Does it matter how real The Crown is?

Elizabeth Debicki as Diana in season five of Netflix’s The Crown. | Courtesy of Keith Bernstein/Netflix

Season five of “The Crown” is somehow both too accurate and too distorted for the royal family’s supporters.

When does a historical retelling go too far? How responsible is it to take creative license with real-life events? Is it better, safer, to tackle distant historical subjects that can’t engage with your version of history? What about when still-living subjects of biopics and docudramas argue that by regurgitating their pasts, you’re making things worse for them in the present?

These complicated questions, and what feels like increasing hostility surrounding them, have coalesced around a predictable target: the newest season of Netflix’s The Crown. While earlier seasons of the show won the British royal family’s interest, the latest seasons — which deal with Charles and Diana’s troubled relationship and the ongoing fallout — have increasingly alienated them, and garnered support from royal allies who say the show is damaging the monarchy.

The implications for the show, the royal family, and for the culture at large all point toward a view of fiction that refuses to allow it to stand on its own terms as a creative work. So what does it mean when, instead of trying to separate reality from fiction, we blame fiction itself for creating harm in the real world?

The Crown’s relationship to the truth isn’t as contentious as you might think

Like all docudramas and biopics, Netflix’s messiest prestige drama enjoys a fraught relationship to reality. For four seasons, the show alternately courted and criticized the real British royal family. While some royals (including the late Queen Elizabeth, if rumor is to be believed) tuned in enthusiastically, others (reportedly including King Charles) criticized the show’s accuracy. With the release of season five, which delves into the scandals that plagued Charles and Diana in the 1990s, the monarchy’s concern over fallout has sharpened into controversy.

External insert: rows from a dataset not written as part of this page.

(* Every non-identity element of $X$ has infinitely many conjugates in $X$. Consequently, for every field $F$, the centre of the group algebra $FX$ (finite $F$-linear combinations of elements of $X$) is one-dimensional, equal to $F\cdot 1$.
   Context: Let $p$ and $q$ be distinct odd primes. Let $m$ be the smallest positive integer such that $p$ divides $|\mathrm{Sp}(2m,q)|$, and $n$ the smallest positive integer such that $q$ divides $|\mathrm{Sp}(2n,p)|$. Let $Q$ be an extraspecial $q$-group of order $q^{2m+1}$ and exponent $q$, and let $A = Q\rtimes\langle \alpha\rangle$ where $\alpha$ has order $p$, acts trivially on $Z(Q)$ and faithfully on $Q/Z(Q)$. Let $P$ be an extraspecial $p$-group of order $p^{2n+1}$ and exponent $p$, and let $B = P\rtimes\langle\beta\rangle$ where $\beta$ has order $q$, acts trivially on $Z(P)$ and faithfully on $P/Z(P)$. Then $C_A = Z(Q)\times\langle\alpha\rangle$ is a cyclic self-normalizing (nilpotent) subgroup of $A$ of order $pq$, and $C_B = Z(P)\times\langle \beta\rangle$ is a cyclic self-normalizing subgroup of $B$ of order $pq$. Let $X = A *_C B$ be the free product of $A$ and $B$ amalgamated along an isomorphism $C_A\to C_B$ (which necessarily maps $\langle\alpha\rangle$ onto $Z(P)$ and $Z(Q)$ onto $\langle\beta\rangle$); regard $A$, $B$ as subgroups of $X$ with $A\cap B = C = Z(P)\times Z(Q)$. *)

From HB Require Import structures.
From mathcomp Require Import all_boot all_order all_algebra all_fingroup all_solvable.
Set Implicit Arguments. Unset Strict Implicit. Unset Printing Implicit Defensive.
Import GRing.Theory.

Cries for Netflix to issue some sort of disclaimer that the show is fictional have dominated headlines here and across the pond, with figures like Dame Judi Dench (who has portrayed Queen Victoria — twice! — and Queen Elizabeth I on screen) and former prime minister John Major (a major figure in The Crown’s current season) castigating the show for its fictional liberties and asking the streamer to clarify that it is a work of fiction. The royal family has stayed silent; though individual family members, including Prince Harry, have commented on the record about watching previous seasons, the silence from the monarchy while the debate rages around them over season five has been resounding.

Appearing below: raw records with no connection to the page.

(* Let $k\ge 2$ be a fixed integer. For $n\ge 1$, let $Y_n$ be the random variable counting the indices $i$ with $1\le i\le n-k+1$ such that $p_i<p_{i+1}<\cdots<p_{i+k-1}$, where $p=p_1\cdots p_n$ is a permutation chosen uniformly at random among all permutations of length $n$. Then there exists a constant $c>0$ (depending only on $k$) such that for all $n\ge k$, \[\operatorname{Var}(Y_n)\ge c\,n.\]
   Context: Each permutation of length $n$ is selected with probability $1/n!$. *)

From mathcomp Require Import all_boot all_order all_algebra all_fingroup.
Set Implicit Arguments. Unset Strict Implicit. Unset Printing Implicit Defensive.
Import Order.TTheory GRing.Theory Num.Theory.

(* One-line notation p = p_1 ... p_n of s : 'S_n, values 0..n-1, positions 0-based. *)
Definition pword (n : nat) (s : 'S_n) : seq nat := [seq (val (s i)) | i <- enum 'I_n].

Definition incr_run (n k : nat) (s : 'S_n) (i : nat) : bool :=
  all (fun j => nth 0 (pword s) (i + j) < nth 0 (pword s) (i + j).+1) (iota 0 k.-1).

(* Y_n(p) = #{ i : 1 <= i <= n-k+1 | p_i < ... < p_{i+k-1} } (0-based: i in [0, n-k]) *)
Definition Y (n k : nat) (s : 'S_n) : nat := count (incr_run k s) (iota 0 (n.+1 - k)).

Local Open Scope ring_scope.

Definition EY (n k : nat) : rat := (\sum_(s : 'S_n) (Y k s)%:R) / (n`!)%:R.
Definition VarY (n k : nat) : rat :=
  (\sum_(s : 'S_n) ((Y k s)%:R - EY n k) ^+ 2) / (n`!)%:R.

From mathcomp Require Import all_boot all_order all_algebra all_fingroup.
From mathcomp Require Import zify ring lra.
Set Implicit Arguments. Unset Strict Implicit. Unset Printing Implicit Defensive.
Import Order.TTheory GRing.Theory Num.Theory.

(* Write Y as the sum of the indicators r_i of an increasing run at position i.  Composing
   with the permutations of a window of k consecutive positions, exactly one of which sorts
   the window, shows that r_i has mean p = 1/k! and that runs on disjoint windows are
   independent.  Hence Cov(r_i, r_j) = 0 for |i - j| >= k, Cov(r_i, r_j) >= -p^2 always, and
   for k = 2 two adjacent runs form an increasing run of length 3, of probability 1/6.
   Each row of the covariance matrix thus sums to at least p - p^2 - 2(k-1)p^2 >= p/6
   (for k = 2, 1/4 + 2(1/6 - 1/4) = p/6), so Var Y >= (n-k+1) p/6 >= n p/(6k). *)

Definition pnth n (s : 'S_n) (x : nat) : nat := nth 0 (pword s) x.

Netflix has so far declined to add a clarification to the show credits, although it did add a disclaimer to the YouTube description of its season five trailer: “Inspired by real events, this fictional dramatisation tells the story of Queen Elizabeth II and the political and personal events that shaped her reign.”

At least one actor has gone to bat for the show’s right to be un-disclaimed: Claudia Harrison, who plays Princess Anne this season, told the Guardian that the idea was condescending. “To think people are genuinely sitting down thinking this is a documentary and that everything they see is fact, I feel uncomfortable with that,” she said. “Patronise an audience at your peril.”

Where The Crown gets slippery is actually in how historically accurate it frequently is, particularly when it comes to events that the real royals would prefer no one rehash.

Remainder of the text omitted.